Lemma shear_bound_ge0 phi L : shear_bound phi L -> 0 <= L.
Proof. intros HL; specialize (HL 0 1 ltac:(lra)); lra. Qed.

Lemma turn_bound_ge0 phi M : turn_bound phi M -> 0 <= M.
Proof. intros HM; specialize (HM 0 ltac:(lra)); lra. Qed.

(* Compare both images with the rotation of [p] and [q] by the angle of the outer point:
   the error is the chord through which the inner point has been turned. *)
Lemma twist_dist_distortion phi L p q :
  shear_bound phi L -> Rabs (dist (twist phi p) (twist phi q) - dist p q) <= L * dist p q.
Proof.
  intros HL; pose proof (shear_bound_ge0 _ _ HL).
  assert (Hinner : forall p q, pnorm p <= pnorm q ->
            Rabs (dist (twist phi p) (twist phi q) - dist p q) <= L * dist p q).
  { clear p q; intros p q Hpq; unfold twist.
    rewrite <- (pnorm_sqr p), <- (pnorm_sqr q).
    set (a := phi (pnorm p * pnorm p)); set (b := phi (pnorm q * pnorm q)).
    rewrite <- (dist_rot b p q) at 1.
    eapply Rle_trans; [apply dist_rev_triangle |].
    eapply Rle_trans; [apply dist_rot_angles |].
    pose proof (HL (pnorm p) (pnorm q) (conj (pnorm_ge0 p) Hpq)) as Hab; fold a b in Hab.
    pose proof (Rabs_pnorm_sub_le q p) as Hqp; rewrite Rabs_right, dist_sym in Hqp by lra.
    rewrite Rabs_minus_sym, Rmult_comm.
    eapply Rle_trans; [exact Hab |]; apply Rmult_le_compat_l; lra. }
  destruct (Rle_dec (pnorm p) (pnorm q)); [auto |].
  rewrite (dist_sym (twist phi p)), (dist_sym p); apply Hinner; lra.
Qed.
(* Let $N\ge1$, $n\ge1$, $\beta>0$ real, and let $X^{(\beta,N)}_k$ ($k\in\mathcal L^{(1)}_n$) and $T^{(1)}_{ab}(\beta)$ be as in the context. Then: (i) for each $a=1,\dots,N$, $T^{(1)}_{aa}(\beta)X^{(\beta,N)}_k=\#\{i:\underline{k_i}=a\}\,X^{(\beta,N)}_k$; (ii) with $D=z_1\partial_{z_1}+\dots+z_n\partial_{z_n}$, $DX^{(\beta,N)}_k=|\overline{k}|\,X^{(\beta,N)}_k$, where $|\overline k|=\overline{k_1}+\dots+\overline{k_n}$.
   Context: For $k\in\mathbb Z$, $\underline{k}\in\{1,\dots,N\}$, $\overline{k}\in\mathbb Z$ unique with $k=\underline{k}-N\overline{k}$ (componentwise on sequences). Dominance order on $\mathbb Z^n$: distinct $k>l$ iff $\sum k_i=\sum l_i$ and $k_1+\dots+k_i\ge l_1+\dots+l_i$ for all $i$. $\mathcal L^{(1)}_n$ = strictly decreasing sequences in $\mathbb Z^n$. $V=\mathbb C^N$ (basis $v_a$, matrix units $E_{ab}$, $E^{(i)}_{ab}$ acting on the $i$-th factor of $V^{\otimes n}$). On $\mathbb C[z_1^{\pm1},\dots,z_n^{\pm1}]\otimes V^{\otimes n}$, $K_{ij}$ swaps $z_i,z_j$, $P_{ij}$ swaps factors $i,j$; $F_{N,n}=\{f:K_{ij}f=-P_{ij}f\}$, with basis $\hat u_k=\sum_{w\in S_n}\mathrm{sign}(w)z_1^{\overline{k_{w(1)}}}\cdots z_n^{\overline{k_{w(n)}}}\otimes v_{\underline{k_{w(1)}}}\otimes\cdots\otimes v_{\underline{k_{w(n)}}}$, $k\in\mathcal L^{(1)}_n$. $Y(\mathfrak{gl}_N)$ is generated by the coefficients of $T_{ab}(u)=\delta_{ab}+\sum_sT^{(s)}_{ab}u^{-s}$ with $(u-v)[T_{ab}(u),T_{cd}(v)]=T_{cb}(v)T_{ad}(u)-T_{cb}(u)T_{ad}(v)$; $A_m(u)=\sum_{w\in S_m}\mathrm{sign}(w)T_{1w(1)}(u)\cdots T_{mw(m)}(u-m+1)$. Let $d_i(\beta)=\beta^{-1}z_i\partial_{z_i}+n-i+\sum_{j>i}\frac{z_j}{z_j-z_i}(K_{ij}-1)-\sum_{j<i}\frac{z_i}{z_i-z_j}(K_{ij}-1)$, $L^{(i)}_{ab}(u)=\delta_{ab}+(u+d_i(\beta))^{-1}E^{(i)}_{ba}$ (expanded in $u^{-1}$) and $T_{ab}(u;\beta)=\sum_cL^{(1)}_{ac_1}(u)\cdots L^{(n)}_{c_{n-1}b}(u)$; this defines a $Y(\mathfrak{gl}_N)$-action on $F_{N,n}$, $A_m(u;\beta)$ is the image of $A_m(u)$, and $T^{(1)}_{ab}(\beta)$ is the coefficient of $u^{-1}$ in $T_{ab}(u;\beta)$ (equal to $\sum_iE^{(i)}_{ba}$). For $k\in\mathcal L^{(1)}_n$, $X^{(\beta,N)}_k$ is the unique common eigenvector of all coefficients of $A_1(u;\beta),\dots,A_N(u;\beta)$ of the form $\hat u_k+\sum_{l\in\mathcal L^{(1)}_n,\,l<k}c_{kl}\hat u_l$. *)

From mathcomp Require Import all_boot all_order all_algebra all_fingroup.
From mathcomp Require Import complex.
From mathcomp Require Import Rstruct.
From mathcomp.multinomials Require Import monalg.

────────────────────

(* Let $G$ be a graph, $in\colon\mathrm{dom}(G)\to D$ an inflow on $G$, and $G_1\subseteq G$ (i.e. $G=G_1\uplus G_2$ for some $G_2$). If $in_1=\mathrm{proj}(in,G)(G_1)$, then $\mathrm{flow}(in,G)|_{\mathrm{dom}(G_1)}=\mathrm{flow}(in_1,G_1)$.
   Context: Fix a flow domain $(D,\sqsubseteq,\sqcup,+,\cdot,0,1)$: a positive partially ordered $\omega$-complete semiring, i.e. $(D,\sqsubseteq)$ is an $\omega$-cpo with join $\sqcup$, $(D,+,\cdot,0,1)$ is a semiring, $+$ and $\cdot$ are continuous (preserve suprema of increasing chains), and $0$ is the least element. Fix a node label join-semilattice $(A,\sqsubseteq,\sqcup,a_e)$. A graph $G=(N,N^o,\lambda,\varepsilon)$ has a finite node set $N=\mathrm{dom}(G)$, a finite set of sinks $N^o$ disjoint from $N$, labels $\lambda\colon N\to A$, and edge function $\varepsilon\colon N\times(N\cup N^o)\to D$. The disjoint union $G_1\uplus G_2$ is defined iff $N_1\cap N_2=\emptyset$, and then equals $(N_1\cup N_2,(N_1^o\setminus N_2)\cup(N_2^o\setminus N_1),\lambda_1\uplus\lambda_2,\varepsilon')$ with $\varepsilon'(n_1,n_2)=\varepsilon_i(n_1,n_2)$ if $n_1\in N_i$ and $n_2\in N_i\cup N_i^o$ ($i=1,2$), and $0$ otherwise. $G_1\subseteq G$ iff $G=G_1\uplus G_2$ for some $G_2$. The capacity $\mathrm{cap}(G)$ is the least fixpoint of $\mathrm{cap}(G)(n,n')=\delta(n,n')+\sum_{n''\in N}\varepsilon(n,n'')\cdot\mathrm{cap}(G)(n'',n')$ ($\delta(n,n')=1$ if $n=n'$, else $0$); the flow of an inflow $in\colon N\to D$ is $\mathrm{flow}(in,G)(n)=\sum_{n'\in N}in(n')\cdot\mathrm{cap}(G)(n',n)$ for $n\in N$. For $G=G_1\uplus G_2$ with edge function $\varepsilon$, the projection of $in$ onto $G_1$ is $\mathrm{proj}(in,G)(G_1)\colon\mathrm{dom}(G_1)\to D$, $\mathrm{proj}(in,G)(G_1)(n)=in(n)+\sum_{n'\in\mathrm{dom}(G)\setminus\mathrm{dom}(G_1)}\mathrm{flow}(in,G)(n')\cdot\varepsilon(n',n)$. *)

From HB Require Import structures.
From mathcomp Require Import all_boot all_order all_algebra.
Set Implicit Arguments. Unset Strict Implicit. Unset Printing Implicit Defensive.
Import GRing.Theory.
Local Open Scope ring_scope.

────────────────────

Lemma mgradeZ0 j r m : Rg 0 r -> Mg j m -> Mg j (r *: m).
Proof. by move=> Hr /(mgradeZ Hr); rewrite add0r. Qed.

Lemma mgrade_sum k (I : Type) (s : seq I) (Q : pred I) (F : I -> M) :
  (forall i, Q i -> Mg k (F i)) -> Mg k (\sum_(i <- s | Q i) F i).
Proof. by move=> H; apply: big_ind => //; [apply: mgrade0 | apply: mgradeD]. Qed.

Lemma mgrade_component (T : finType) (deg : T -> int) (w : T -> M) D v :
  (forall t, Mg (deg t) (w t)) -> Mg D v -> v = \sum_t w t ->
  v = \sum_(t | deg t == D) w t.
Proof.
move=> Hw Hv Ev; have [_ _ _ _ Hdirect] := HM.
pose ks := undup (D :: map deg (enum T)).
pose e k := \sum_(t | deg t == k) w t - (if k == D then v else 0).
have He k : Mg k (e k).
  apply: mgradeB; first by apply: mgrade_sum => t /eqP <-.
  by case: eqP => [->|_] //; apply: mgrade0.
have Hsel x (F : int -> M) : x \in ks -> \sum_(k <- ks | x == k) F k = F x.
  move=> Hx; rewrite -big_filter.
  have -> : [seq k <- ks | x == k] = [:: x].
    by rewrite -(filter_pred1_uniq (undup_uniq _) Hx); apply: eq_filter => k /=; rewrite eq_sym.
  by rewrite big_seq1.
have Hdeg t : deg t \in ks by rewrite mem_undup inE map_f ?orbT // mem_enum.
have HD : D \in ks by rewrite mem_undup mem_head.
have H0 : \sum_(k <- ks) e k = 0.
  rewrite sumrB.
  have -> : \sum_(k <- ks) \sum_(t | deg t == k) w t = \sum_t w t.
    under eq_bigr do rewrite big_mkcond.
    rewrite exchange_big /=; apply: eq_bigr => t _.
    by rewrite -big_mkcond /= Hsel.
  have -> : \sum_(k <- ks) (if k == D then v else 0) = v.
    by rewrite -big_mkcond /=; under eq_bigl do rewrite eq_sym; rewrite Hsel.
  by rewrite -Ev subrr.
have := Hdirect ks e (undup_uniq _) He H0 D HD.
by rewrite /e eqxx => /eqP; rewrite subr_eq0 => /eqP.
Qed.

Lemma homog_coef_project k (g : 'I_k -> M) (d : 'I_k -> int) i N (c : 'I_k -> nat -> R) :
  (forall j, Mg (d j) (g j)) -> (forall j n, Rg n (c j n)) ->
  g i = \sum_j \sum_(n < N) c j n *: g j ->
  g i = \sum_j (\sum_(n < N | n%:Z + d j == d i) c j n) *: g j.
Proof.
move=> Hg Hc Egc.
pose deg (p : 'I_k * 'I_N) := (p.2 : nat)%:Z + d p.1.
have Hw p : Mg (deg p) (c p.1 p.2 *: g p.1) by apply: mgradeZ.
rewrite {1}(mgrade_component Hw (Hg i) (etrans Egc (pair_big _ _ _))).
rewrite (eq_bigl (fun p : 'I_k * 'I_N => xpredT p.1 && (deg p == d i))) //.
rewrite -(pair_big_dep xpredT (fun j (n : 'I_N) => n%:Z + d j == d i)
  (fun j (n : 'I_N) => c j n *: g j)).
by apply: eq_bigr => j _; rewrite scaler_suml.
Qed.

────────────────────

● **WHAT YOU ARE ASKED TO DO**:
Using the listing above, return word for word each line from the one that has "have H0 : \sum_(k <- ks) e k = 0." through the one that has "have := Hdirect", and no line outside that range.

● **OUTPUT BELOW**:
have H0 : \sum_(k <- ks) e k = 0.
  rewrite sumrB.
  have -> : \sum_(k <- ks) \sum_(t | deg t == k) w t = \sum_t w t.
    under eq_bigr do rewrite big_mkcond.
    rewrite exchange_big /=; apply: eq_bigr => t _.
    by rewrite -big_mkcond /= Hsel.
  have -> : \sum_(k <- ks) (if k == D then v else 0) = v.
    by rewrite -big_mkcond /=; under eq_bigl do rewrite eq_sym; rewrite Hsel.
  by rewrite -Ev subrr.
have := Hdirect ks e (undup_uniq _) He H0 D HD.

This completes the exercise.